● **Goal of the exercise**
Where does the word "move" occur in the entries below? Copy every line that has it.

● **Input data**
Lemma o_addr_vtype {o v : G} :
  le 0 o -> ~ qsim le o (-o) -> vtype le v -> le v o ->
  [/\ v + v = 0, ~ le (o + v) o, le 0 (o + v) & ~ vtype le (o + v)].
Proof.
move=> l0 ng Vv lvo; have [v0 vv'] := Vv.
have nvo : ~ qsim le v o by move=> /(qsim_eq ng) E; apply: ng; rewrite -E.
have nmvo : ~ qsim le (-v) o by move=> /(qsim_eq ng) E; apply: ng; rewrite -E opprK; case: vv'.
have a : le (v - o) 0 by have := qle_add2r lvo ng; rewrite subrr.
have vo_ne : v - o <> 0.
  by move=> /subr0_eq E; apply: nvo; rewrite E; apply: qsim_refl.
have nle : ~ le 0 (v - o) by move=> h; apply: vo_ne; apply: qle_anti0.
have c : ~ qsim le (o - v) (-(o - v)).
  by rewrite opprB => -[h1 h2]; apply/nle/vtype_ge0; split; rewrite ?opprB.
have d : v + o = o - v by apply: (qsim_eq c); rewrite [o - v]addrC; apply: qsim_addr_opp.
have vN : v = - v by move: d; rewrite [v + o]addrC => /addrI.
have vv : v + v = 0 by rewrite {2}vN subrr.
have mu : -(o + v) = v - o by rewrite opprD -vN addrC.
split => //.
- move=> h; have := qle_add2r h ng; rewrite subrr [o + v]addrC addrK => l.
  by apply: v0; apply: qle_anti0 l (vtype_ge0 Vv).
- by have := qle0_oppr a; rewrite -mu opprK.
- by rewrite -vtype_oppE mu => /vtype_ge0.
Qed.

● **The answer**
move=> l0 ng Vv lvo; have [v0 vv'] := Vv.
have nvo : ~ qsim le v o by move=> /(qsim_eq ng) E; apply: ng; rewrite -E.
have nmvo : ~ qsim le (-v) o by move=> /(qsim_eq ng) E; apply: ng; rewrite -E opprK; case: vv'.
  by move=> /subr0_eq E; apply: nvo; rewrite E; apply: qsim_refl.
have nle : ~ le 0 (v - o) by move=> h; apply: vo_ne; apply: qle_anti0.
have vN : v = - v by move: d; rewrite [v + o]addrC => /addrI.
- move=> h; have := qle_add2r h ng; rewrite subrr [o + v]addrC addrK => l.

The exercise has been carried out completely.